以前、阿部さんは企業から依頼を受け、オウンドメディアの立ち上げに関わったことがありました。色々な部署の人の話を聞き、社員の方よりもその企業を知っていると言えるくらい調べ尽くし、当事者のような気持ちで一緒に作り上げる。そういう姿勢で今も取材を続けているそうです。
「ぼくはずっとフリーランスで、一度も就職をしたことがないんです。だから企業の様々な部署を訪れて話をきくというのは、僕にとって旅と同じように未知のものに触れる特別な体験でした。フリーランスは色々な領域を横断して聞くことができる、ジョーカーのような動きができるポジションだなと思っていて、その視点を生かすことで企業の魅力をよりよく伝えるお手伝いができるし、その姿勢をもってやってきたことで今も変わらずお仕事をさせていただけているのかなと思っています」
住む場所を変えるのか、それとも今の場所を愛し抜くのか。人生の選択に、あらかじめ用意された正解などありません。大切なのは、自分が納得できる道を一歩ずつ進むこと。二つの異なる視点を持つ人々の物語が、迷いの中にいる誰かの「次の一歩」を照らす光になりますように。
遣唐使のようにまちへ活力を注ぐ存在に
「ぼくは文章を作る仕事がすごく好きで、特に最近思うのは、この仕事は自分の経験がそのままスキルや感性を育んでくれるということです。結婚をしたから結婚について実感があるし、子育てをしているから理解できるようになったことがある。この先親の介護や子どもの受験を経験したら、また想像できる範囲と使える言葉がどんどん広がっていくんだろうなと思います」
かつては感性や情報の感度は若いうちだと思っていたという阿部さんですが、インタビューのお仕事をしていても年を重ねるごとに良い仕事ができている実感があると言います。
「70歳になったとき、今よりもいい文章が書けると思ったらなんか希望があるし、いい仕事を選んだなと思います」
またこんな話も。
「東京にいる頃って、取材することがインプットで、まとめて書くということがアウトプットという感覚だったんですけど、今は取材に行ってまとめて書くまでがインプットで、それを自分のまちにインストールするということがアウトプットだと思うようになってきたんです」
石巻市渡波の子どもたちと造形作家・犬飼ともさんが、震災の瓦礫に新しい命を吹き込んだ「ワタノハスマイル」。その誕生から2年半の歩みを一冊にまとめた作品集『ワタノハスマイル-笑顔になったガレキたち-』 に、阿部さんもライターとして参加。ガレキが笑顔に変わる瞬間の、たくましく優しい想像力が凝縮された一冊です。
例えば「となり町でこんな取り組みをやっているから函館でもやってみよう」「あのお店のやり方が良かったからこっちでもやってみよう」といったように、取材で得た知識はまとめるだけでなく共有することでまちの活力になる、ということです。
その姿はまるで、遠く唐の国に渡り文化や学問を日本へ持ち帰った遣唐使のよう。
「これから遣唐使を名乗ろうかな(笑)」
人もまちも少しずつ変わり、見える景色も変わっていきます。阿部さんを取り巻く環境も同様です。函館移住までの日々をつづったエッセイ「函館Uターン紀行」を発刊しました。Uターンして改めて見えた函館の魅力を編集した「生活圏」も発刊しました。IN&OUTは2名体制になり、今は音声メディアでの情報発信を続けています。
地元FMのラジオ番組のパーソナリティの仕事がきたり、まちのイベントの相談をうけたり、思わぬ大物の訪問があったりと、いまや「ライター」という言葉が持つ印象を超えて活動が広がっていました。

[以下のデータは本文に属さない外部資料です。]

(* Let $1\le\beta<\sqrt{5/3}$, and let $\sigma,\sigma_0:[n]\to[K]$ be assignments all of whose community sizes lie in $[\frac{n}{\beta K},\frac{\beta n}{K}]$, with $d(\sigma,\sigma_0)=m$ for an integer $0<m<n$. Then $$\alpha(\sigma;\sigma_0)\wedge\gamma(\sigma;\sigma_0)\ge\begin{cases}\frac{nm}{K\beta}-m^2, & m\le\frac{n}{2K},\\ \frac{c_\beta nm}{K}, & m>\frac n{2K},\end{cases}\qquad c_\beta=\frac{(5-3\beta^2)^2}{2\beta(1+3(5-3\beta^2)^2)}.$$
   Context: $d(\sigma_1,\sigma_2)=\min_\delta d_H(\sigma_1,\delta\circ\sigma_2)$ over permutations $\delta$ of $[K]$, $d_H$ the Hamming distance. $\alpha(\sigma;\sigma_0)=|\{(i,j):i<j,\ \sigma_0(i)=\sigma_0(j),\ \sigma(i)\ne\sigma(j)\}|$ and $\gamma(\sigma;\sigma_0)=|\{(i,j):i<j,\ \sigma_0(i)\ne\sigma_0(j),\ \sigma(i)=\sigma(j)\}|$. *)

From HB Require Import structures.
From mathcomp Require Import all_boot all_order all_fingroup all_algebra.
Set Implicit Arguments. Unset Strict Implicit. Unset Printing Implicit Defensive.
Import Order.TTheory GRing.Theory Num.Theory.

Definition hamming (n K : nat) (s1 s2 : 'I_n -> 'I_K) : nat :=
  #|[set i : 'I_n | s1 i != s2 i]|.

(* d(s1,s2) = min over permutations delta of [K] of d_H(s1, delta o s2).
   The default n of the min is harmless: every Hamming distance is <= n
   and {perm 'I_K} is nonempty. *)
Definition assign_dist (n K : nat) (s1 s2 : 'I_n -> 'I_K) : nat :=
  \big[minn/n]_(delta : {perm 'I_K}) hamming s1 (fun i => delta (s2 i)).

Definition alpha_pairs (n K : nat) (s s0 : 'I_n -> 'I_K) : nat :=
  #|[set p : 'I_n * 'I_n | [&& p.1 < p.2, s0 p.1 == s0 p.2 & s p.1 != s p.2]]|.

Definition gamma_pairs (n K : nat) (s s0 : 'I_n -> 'I_K) : nat :=
  #|[set p : 'I_n * 'I_n | [&& p.1 < p.2, s0 p.1 != s0 p.2 & s p.1 == s p.2]]|.

Definition comm_size (n K : nat) (s : 'I_n -> 'I_K) (k : 'I_K) : nat :=
  #|[set i : 'I_n | s i == k]|.

(* Relabel sigma0 by a permutation attaining d(sigma, sigma0) = m: then sigma and
   t := delta o sigma0 differ at exactly m points, and no transposition of labels
   decreases their Hamming distance, i.e. the confusion counts satisfy
   N_ab + N_ba <= N_aa + N_bb.
   For a misclassified point i, count the points j of its t-community that sigma
   separates from i, counting twice those that sigma classifies correctly; summed
   over the misclassified points this counts every split pair at most twice, so it
   is at most 2 alpha.  The swap inequality and the bounds L <= community size <= U
   bound each term below by L - U/2 and by 2 (L - m), whence
   4 alpha >= m (2L - U) and alpha >= m (L - m).  As gamma(sigma; sigma0) =
   alpha(sigma0; sigma) and everything is symmetric, gamma obeys the same bounds.
   With L = n/(beta K) and U = beta n/K the second bound is the first case of the
   theorem, and the first gives the second case because c_beta <= (2/beta - beta)/4. *)

From mathcomp Require Import all_boot all_order all_fingroup all_algebra.
From mathcomp Require Import zify ring lra.
Import Order.TTheory GRing.Theory Num.Theory.
Set Implicit Arguments. Unset Strict Implicit. Unset Printing Implicit Defensive.

Lemma card_set_nat_sum (T : finType) (P : pred T) : #|[set x | P x]| = \sum_x P x.
Proof. by rewrite -sum1dep_card big_mkcond; apply: eq_bigr => x _; case: (P x). Qed.

Section Relabelling.

Variables n K : nat.
Implicit Types (s t : 'I_n -> 'I_K) (d : {perm 'I_K}).

Definition optimal_relabelling s t :=
  forall d, (hamming s t <= hamming s (d \o t))%N.

Lemma eq_hamming s s' t t' : s =1 s' -> t =1 t' -> hamming s t = hamming s' t'.
Proof. by move=> eq_s eq_t; apply: eq_card => i; rewrite !inE eq_s eq_t. Qed.

Lemma hamming_sym s t : hamming s t = hamming t s.
Proof. by apply: eq_card => i; rewrite !inE eq_sym. Qed.

Lemma hamming_relabel d s t : hamming (d \o s) (d \o t) = hamming s t.
Proof. by apply: eq_card => i; rewrite !inE /= (inj_eq perm_inj). Qed.

Lemma assign_dist_le_hamming s t d : (assign_dist s t <= hamming s (d \o t))%N.
Proof.
rewrite /assign_dist; elim: (index_enum _) (mem_index_enum d) => // d' r IH.
rewrite inE big_cons => /orP[/eqP<-|/IH]; first exact: geq_minl.
exact: leq_trans (geq_minr _ _).
Qed.

Lemma assign_dist_attained s t :
  exists d, hamming s (d \o t) = assign_dist s t.
Proof.
suff [d le_d] : exists d, (hamming s (d \o t) <= assign_dist s t)%N.
  by exists d; apply/eqP; rewrite eqn_leq le_d assign_dist_le_hamming.
rewrite /assign_dist.
apply: (big_ind (fun x => exists d, hamming s (d \o t) <= x)%N).
- by exists 1%g; rewrite -[X in (_ <= X)%N]card_ord max_card.
- move=> x y [dx le_x] [dy le_y]; rewrite /minn.
  by case: ltnP => _; [exists dx | exists dy].
- by move=> d _; exists d.
Qed.

Lemma optimal_relabelling_sym s t :
  optimal_relabelling s t -> optimal_relabelling t s.
Proof.
move=> opt d; rewrite hamming_sym (hamming_sym t) -(hamming_relabel d^-1%g (d \o s)).
by rewrite (@eq_hamming (d^-1%g \o (d \o s)) s _ (d^-1%g \o t)) // => i; rewrite /= permK.
Qed.

Lemma exists_optimal_relabelling s t :
  exists d, hamming s (d \o t) = assign_dist s t /\
            optimal_relabelling s (d \o t).
Proof.
have [d0 hd0] := assign_dist_attained s t; exists d0; split => // d.
rewrite hd0 (@eq_hamming _ s _ ((d0 * d)%g \o t)) ?assign_dist_le_hamming //.
by move=> i; rewrite /= permM.
Qed.

Lemma comm_size_relabel d t k : comm_size (d \o t) k = comm_size t (d^-1%g k).
Proof. by apply: eq_card => i; rewrite !inE /= -[RHS](inj_eq (@perm_inj _ d)) permKV. Qed.

Lemma alpha_pairs_relabell d s t : alpha_pairs (d \o s) t = alpha_pairs s t.
Proof. by apply: eq_card => p; rewrite !inE /= (inj_eq perm_inj). Qed.

Lemma alpha_pairs_relabelr d s t : alpha_pairs s (d \o t) = alpha_pairs s t.
Proof. by apply: eq_card => p; rewrite !inE /= (inj_eq perm_inj). Qed.

Lemma gamma_pairsE s t : gamma_pairs s t = alpha_pairs t s.
Proof.
apply: eq_card => p; rewrite !inE.
by case: (_ < _)%N; case: (_ == _); case: (_ == _).
Qed.

End Relabelling.

Lemma tperm_mismatch (T : finType) (a b x y : T) :
  ((y != x) + ((x == a) && (y == a)) + ((x == b) && (y == b)) =
   (y != tperm a b x) + ((x == a) && (y == b)) + ((x == b) && (y == a)))%N.
Proof.
have [<-|ab] := eqVneq a b; first by rewrite tperm1 perm1.
have [->|xa] := eqVneq x a.
  by rewrite tpermL (negbTE ab) /=; case: (y == a); case: (y == b).
have [->|xb] := eqVneq x b.
  by rewrite tpermR /=; case: (y == a); case: (y == b).
by rewrite tpermD // eq_sym.
Qed.

Section OptimalRelabelling.

Variables n K : nat.
Variables s t : 'I_n -> 'I_K.

Definition confusion (a b : 'I_K) : nat := \sum_j ((t j == a) && (s j == b)).

Definition split_partners (i : 'I_n) : nat := \sum_j ((t i == t j) && (s i != s j)).

Definition split_weight (i : 'I_n) : nat :=
  split_partners i + \sum_j ((s j == t j) * ((t i == t j) && (s i != s j))).

Lemma hamming_tperm a b :
  (hamming s t + confusion a a + confusion b b =
   hamming s (tperm a b \o t) + confusion a b + confusion b a)%N.
Proof.
rewrite /hamming /confusion !card_set_nat_sum -!big_split.
by apply: eq_bigr => j _; exact: tperm_mismatch.
Qed.

Lemma double_alpha_pairs : (2 * alpha_pairs s t = \sum_i split_partners i)%N.
Proof.
set C := fun i j => (t i == t j) && (s i != s j).
have C_sym i j : C i j = C j i by rewrite /C eq_sym (eq_sym (s i)).
have -> : alpha_pairs s t = (\sum_(i : 'I_n) \sum_(j : 'I_n) ((i < j)%N && C i j))%N.
  by rewrite /alpha_pairs card_set_nat_sum pair_big.
have -> : (\sum_i split_partners i =
           \sum_(i : 'I_n) \sum_(j : 'I_n) ((i < j)%N && C i j) +
           \sum_(i : 'I_n) \sum_(j : 'I_n) ((j < i)%N && C i j))%N.
  rewrite -big_split; apply: eq_bigr => i _; rewrite -big_split.
  apply: eq_bigr => j _ /=; case: (ltngtP i j) => [||/ord_inj ->] //=.
  - by rewrite addn0.
  - by rewrite /C !eqxx.
rewrite [X in (_ + X)%N]exchange_big /=.
under [X in (_ + X)%N]eq_bigr do under eq_bigr do rewrite C_sym.
by rewrite addnn mul2n.
Qed.
Lemma series_dominated (g w : nat -> R) :
  (forall n, Rabs (g n) <= w n) -> ex_series w ->
  ex_series g /\ Rabs (Series g) <= Series w.
Proof.
  intros Hg Hw.
  assert (Habs : ex_series (fun n => Rabs (g n))).
  { apply (@ex_series_le R_AbsRing R_CompleteNormedModule) with w; [|exact Hw].
    intro n. unfold norm; simpl; unfold abs; simpl. rewrite Rabs_Rabsolu. apply Hg. }
  split; [apply ex_series_Rabs; exact Habs|].
  eapply Rle_trans; [apply Series_Rabs; exact Habs|].
  apply Series_le; [|exact Hw]. intro n; split; [apply Rabs_pos | apply Hg].
Qed.

Lemma zsum_Cmod_le (f : Z -> C) (w : Z -> R) (X : R) :
  (forall t, Cmod (f t) <= w t) -> (forall t, 0 <= w t) ->
  (forall N, zpartial w N <= X) -> Cmod (zsum f) <= 2 * X.
Proof.
  intros Hf Hw HX.
  destruct (zpartial_summable w X Hw HX) as [Hpos Hneg].
  set (wp := fun n => w (Z.of_nat n)) in *.
  set (wn := fun n => w (- Z.of_nat (S n))%Z) in *.
  assert (Hsum : Series wp + Series wn <= X).
  { rewrite <- Series_plus by assumption.
    apply (series_nonneg_bounded (fun n => wp n + wn n) X).
    - intro n. unfold wp, wn. generalize (Hw (Z.of_nat n)) (Hw (- Z.of_nat (S n))%Z). lra.
    - intro N. generalize (sum_n_plus wp wn N). unfold plus; simpl. intros ->. apply HX. }
  assert (Hpart : forall p : C -> R, (forall c, Rabs (p c) <= Cmod c) ->
    Rabs (Series (fun n => p (f (Z.of_nat n))) + Series (fun n => p (f (- Z.of_nat (S n))%Z)))
      <= X).
  { intros p Hp.
    destruct (series_dominated (fun n => p (f (Z.of_nat n))) wp) as [_ H1]; [|exact Hpos|].
    { intro n. eapply Rle_trans; [apply Hp | apply Hf]. }
    destruct (series_dominated (fun n => p (f (- Z.of_nat (S n))%Z)) wn) as [_ H2]; [|exact Hneg|].
    { intro n. eapply Rle_trans; [apply Hp | apply Hf]. }
    eapply Rle_trans; [apply Rabs_triang|]. lra. }
  apply Cmod_le_parts; [exact (Hpart Re re_le_Cmod) | exact (Hpart Im Rabs_Im_le_Cmod)].
Qed.

Lemma zsum_remove_origin (f : Z -> C) (w : Z -> R) (X : R) :
  (forall t, Cmod (f t) <= w t) -> (forall t, 0 <= w t) -> (forall N, zpartial w N <= X) ->
  Cminus (zsum f) (f 0%Z) = zsum (fun t => if Z.eqb t 0 then RtoC 0 else f t).
Proof.
  intros Hf Hw HX.
  destruct (zpartial_summable w X Hw HX) as [Hpos _].
  set (f0 := fun t => if Z.eqb t 0 then RtoC 0 else f t).
  assert (Hf0 : forall t, Cmod (f0 t) <= w t).
  { intro t. unfold f0. destruct (Z.eqb t 0); [rewrite Cmod_0; apply Hw | apply Hf]. }
  assert (Hex : forall (g : Z -> C) (p : C -> R), (forall t, Cmod (g t) <= w t) ->
    (forall c, Rabs (p c) <= Cmod c) -> ex_series (fun n => p (g (Z.of_nat n)))).
  { intros g p Hg Hp. apply (series_dominated _ (fun n => w (Z.of_nat n))); [|exact Hpos].
    intro n. eapply Rle_trans; [apply Hp | apply Hg]. }
  unfold zsum, Cminus, Cplus, Copp.
  rewrite (Series_incr_1 _ (Hex f Re Hf re_le_Cmod)), (Series_incr_1 _ (Hex f Im Hf Rabs_Im_le_Cmod)),
    (Series_incr_1 _ (Hex f0 Re Hf0 re_le_Cmod)), (Series_incr_1 _ (Hex f0 Im Hf0 Rabs_Im_le_Cmod)).
  unfold f0, Re, Im; simpl. f_equal; ring.
Qed.

Lemma zpartial_plus (w w' : Z -> R) (N : nat) :
  zpartial (fun t => w t + w' t) N = zpartial w N + zpartial w' N.
Proof.
  unfold zpartial.
  generalize (sum_n_plus (fun n => w (Z.of_nat n)) (fun n => w' (Z.of_nat n)) N)
    (sum_n_plus (fun n => w (- Z.of_nat (S n))%Z) (fun n => w' (- Z.of_nat (S n))%Z) N).
  unfold plus; simpl. intros -> ->. ring.
Qed.

Lemma zpartial_scal (c : R) (w : Z -> R) (N : nat) :
  zpartial (fun t => c * w t) N = c * zpartial w N.
Proof.
  assert (Hscal : forall (a : nat -> R) n, sum_n (fun k => c * a k) n = c * sum_n a n).
  { intros a n. induction n as [|n IH]; [rewrite !sum_O; reflexivity|].
    rewrite !sum_Sn, IH. unfold plus; simpl. ring. }
  unfold zpartial. rewrite !Hscal. ring.
Qed.

Lemma zpartial_telescope (Phi : Z -> R) (s : Z) (N : nat) :
  zpartial (fun t => Phi (s - t + 1)%Z - Phi (s - t)%Z) N
  = Phi (s + Z.of_nat N + 2)%Z - Phi (s - Z.of_nat N)%Z.
Proof.
  unfold zpartial.
  assert (Hpos : forall n, sum_n (fun k => Phi (s - Z.of_nat k + 1)%Z - Phi (s - Z.of_nat k)%Z) n
                           = Phi (s + 1)%Z - Phi (s - Z.of_nat n)%Z).
  { induction n as [|n IH].
    - rewrite sum_O. simpl. f_equal; f_equal; lia.
    - rewrite sum_Sn, IH. unfold plus; simpl.
      replace (s - Z.pos (Pos.of_succ_nat n) + 1)%Z with (s - Z.of_nat n)%Z by lia. ring. }
  assert (Hneg : forall n, sum_n (fun k => Phi (s - - Z.of_nat (S k) + 1)%Z
                                           - Phi (s - - Z.of_nat (S k))%Z) n
                           = Phi (s + Z.of_nat n + 2)%Z - Phi (s + 1)%Z).
  { induction n as [|n IH].
    - rewrite sum_O. simpl. f_equal; f_equal; lia.
    - rewrite sum_Sn, IH. unfold plus; simpl.
      replace (s - Z.neg (Pos.succ (Pos.of_succ_nat n)))%Z with (s + Z.of_nat n + 2)%Z by lia.
      replace (s - Z.neg (Pos.succ (Pos.of_succ_nat n)) + 1)%Z
        with (s + Z.pos (Pos.of_succ_nat n) + 2)%Z by lia.
      replace (s + Z.of_nat n + 2 + 1)%Z with (s + Z.pos (Pos.of_succ_nat n) + 2)%Z by lia.
      ring. }
  rewrite Hpos, Hneg. ring.
Qed.

Lemma zabs_of_nat (n : nat) : zabs (Z.of_nat n) = INR n.
Proof. unfold zabs. rewrite <- INR_IZR_INZ. apply Rabs_pos_eq, pos_INR. Qed.

Lemma zabs_neg_succ (n : nat) : zabs (- Z.of_nat (S n))%Z = INR n + 1.
Proof.
  unfold zabs. rewrite opp_IZR, <- INR_IZR_INZ, Rabs_Ropp, S_INR.
  apply Rabs_pos_eq. generalize (pos_INR n). lra.
Qed.

Lemma zabs_nonneg (t : Z) : 0 <= zabs t.
Proof. apply Rabs_pos. Qed.

Lemma zabs_0 : zabs 0 = 0.
Proof. unfold zabs. apply Rabs_R0. Qed.

Lemma zabs_ge_1 (t : Z) : t <> 0%Z -> 1 <= zabs t.
Proof. intro Ht. unfold zabs. rewrite <- abs_IZR. apply IZR_le. lia. Qed.

Lemma zabs_sub_ge_l (s t : Z) : zabs t - zabs s <= zabs (s - t).
Proof. unfold zabs. rewrite minus_IZR, Rabs_minus_sym. apply Rabs_triang_inv. Qed.

Lemma zabs_sub_ge_r (s t : Z) : zabs s - zabs t <= zabs (s - t).
Proof. unfold zabs. rewrite minus_IZR. apply Rabs_triang_inv. Qed.

(* The hypotheses of Lemma 7 are phrased with |s/X|; this is |s|/X. *)
Lemma Rabs_IZR_div (s : Z) (X : R) : 0 < X -> Rabs (IZR s / X) = zabs s / X.
Proof. intro HX. unfold zabs, Rdiv. rewrite Rabs_mult, Rabs_inv, (Rabs_pos_eq X); lra. Qed.

Lemma tail_hyp_zabs (H : Z -> C) (phi : R -> R) (X lo : R) : 0 < X ->
  (forall s, lo <= zabs s -> Cmod (H s) <= phi (Rabs (IZR s / X))) ->
  forall s, lo <= zabs s -> Cmod (H s) <= phi (zabs s / X).
Proof. intros HX Hb s Hs. rewrite <- Rabs_IZR_div by exact HX. apply Hb, Hs. Qed.

(* sum_{n<=N} 1/(n+1)^2 <= 2 - 1/(N+1), by telescoping 1/(n(n+1)). *)
Lemma sum_inv_square (N : nat) : sum_n (fun n => / (INR n + 1) ^ 2) N <= 2 - / (INR N + 1).
Proof.
  induction N as [|N IH].
  - rewrite sum_O. simpl. lra.
  - rewrite sum_Sn, S_INR.
    change (sum_n (fun n => / (INR n + 1) ^ 2) N + / (INR N + 1 + 1) ^ 2
            <= 2 - / (INR N + 1 + 1)).
    assert (HN := pos_INR N).
    assert (Hstep : / (INR N + 1 + 1) ^ 2 <= / (INR N + 1) - / (INR N + 1 + 1)).
    { replace (/ (INR N + 1) - / (INR N + 1 + 1)) with (/ ((INR N + 1) * (INR N + 1 + 1)))
        by (field; lra).
      apply Rinv_le_contravar; nra. }
    lra.
Qed.

Lemma zpartial_inv_square (N : nat) : zpartial (fun t => / (1 + zabs t) ^ 2) N <= 4.
Proof.
  assert (Hhalf : sum_n (fun n => / (INR n + 1) ^ 2) N <= 2).
  { assert (0 < / (INR N + 1)) by (apply Rinv_0_lt_compat; generalize (pos_INR N); lra).
    generalize (sum_inv_square N). lra. }
  assert (Hpos : sum_n (fun n => / (1 + zabs (Z.of_nat n)) ^ 2) N
                 <= sum_n (fun n => / (INR n + 1) ^ 2) N).
  { apply sum_n_m_le. intro n. rewrite zabs_of_nat, Rplus_comm. lra. }
  assert (Hneg : sum_n (fun n => / (1 + zabs (- Z.of_nat (S n))%Z) ^ 2) N
                 <= sum_n (fun n => / (INR n + 1) ^ 2) N).
  { apply sum_n_m_le. intro n. rewrite zabs_neg_succ. generalize (pos_INR n). intro.
    apply Rinv_le_contravar; nra. }
  unfold zpartial. lra.
Qed.

Lemma zpartial_inv_square_scaled (B : R) (N : nat) :
  0 <= B -> zpartial (fun t => B / (1 + zabs t) ^ 2) N <= 4 * B.
Proof.
  intro HB. unfold Rdiv. rewrite zpartial_scal.
  generalize (zpartial_inv_square N). nra.
Qed.

Lemma Rpower_pos (x a : R) : 0 < Rpower x a.
Proof. apply exp_pos. Qed.

Lemma Rpower_base_1 (a : R) : Rpower 1 a = 1.
Proof. unfold Rpower. rewrite ln_1, Rmult_0_r. apply exp_0. Qed.

Lemma exp_monotone (x y : R) : x <= y -> exp x <= exp y.
Proof. intros [Hlt | ->]; [left; apply exp_increasing; exact Hlt | right; reflexivity]. Qed.

Lemma exp_nonpos_le_1 (x : R) : x <= 0 -> exp x <= 1.
Proof. intro Hx. rewrite <- exp_0. apply exp_monotone. exact Hx. Qed.

Lemma ln_le_sub_1 (y : R) : 0 < y -> ln y <= y - 1.
Proof. intro Hy. generalize (exp_ineq1_le (ln y)). rewrite exp_ln by exact Hy. lra. Qed.

Lemma exp_mult_nat (n : nat) (x : R) : exp (INR n * x) = exp x ^ n.
Proof.
  induction n as [|n IH]; [simpl; rewrite Rmult_0_l; apply exp_0|].
  rewrite S_INR, Rmult_plus_distr_r, exp_plus, IH, Rmult_1_l. simpl. ring.
Qed.

(* The polynomial lower bound exp y >= (y/6)^6 (from exp(y/6) >= 1 + y/6);
   it underlies all stretched-exponential estimates below. *)
Lemma pow6_le_exp (y : R) : 0 <= y -> (y / 6) ^ 6 <= exp y.
Proof.
  intro Hy.
  replace (exp y) with (exp (y / 6) ^ 6)
    by (rewrite <- exp_mult_nat; f_equal; simpl; field).
  apply pow_incr. generalize (exp_ineq1_le (y / 6)). lra.
Qed.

「何かまちのことをやる団体を作った方がいいかもしれない」
函館旧市街を拠点とするOld Town Junctionのプロフィール写真は、写真発祥の地・函館で「ガラス湿板写真」を継承する写真家・小池貴之氏の手によるもの。築100年超の建物で、100年前と同じ技法を用い、数秒間の静止を経て焼き付けられた一枚。修正のきかない一発勝負の中には、過去と未来が交差するような不思議な時間が流れていました。函館の歴史文化と共に歩む彼らの覚悟が、この一枚に静かに刻まれています。
そう考えた阿部さんは、2025年12月、仲間2人と一緒に一般社団法人 Old Town Junction HAKODATEを設立しました。古くから世界とつながり情報や文化が交わる函館。そのアイデンティティを生かし、ローカルと世界がつながることで「ここなら、いい人生が送れそう」と思える街をめざし活動を始めています。
「東京に住んでいた時はいつまでも借りぐらしの気持ちでしたが、今は函館に対しておごりも謙遜もなく自分のまちだという感覚があります。だから運命共同体というか、このまちが良くなっていくことが、自分のくらしや仕事にも直接影響してくる。今年はこれに力を入れてやっていこうかなと思っています」
この冬は早速青森と函館をつないだイベント「青函往来」を成功させたOld Town Junction HAKODATE。阿部さんと函館がつないでいく、新たな函館のグローバルとローカルがどんな未来を見せてくれるのか、今から注目です。
取材中、学校帰りの小学生3人組がニコニコしながらこちらを覗いています。阿部さんのお子さんとお友達でした。取材で使わせていただいたカフェの店主さんともすっかり顔見知りの様子で、あいさつをして帰っていきます。聞けばこうした光景は阿部さんの周りでは珍しくないのだそう。こうしたまちと暮らしの距離感の近さも、阿部さんが気に入っているところ。
「人と人の距離が近いことは好き嫌いが分かれると思いますが、ぼくはこの感じが好きなんです」そう言って笑います。
函館に根付き、暮らし、まちに元気を注ぐライター(≒遣唐使)。地方都市で生きるフリーランスが秘めた可能性の大きさに、なんだかワクワクしてきませんか。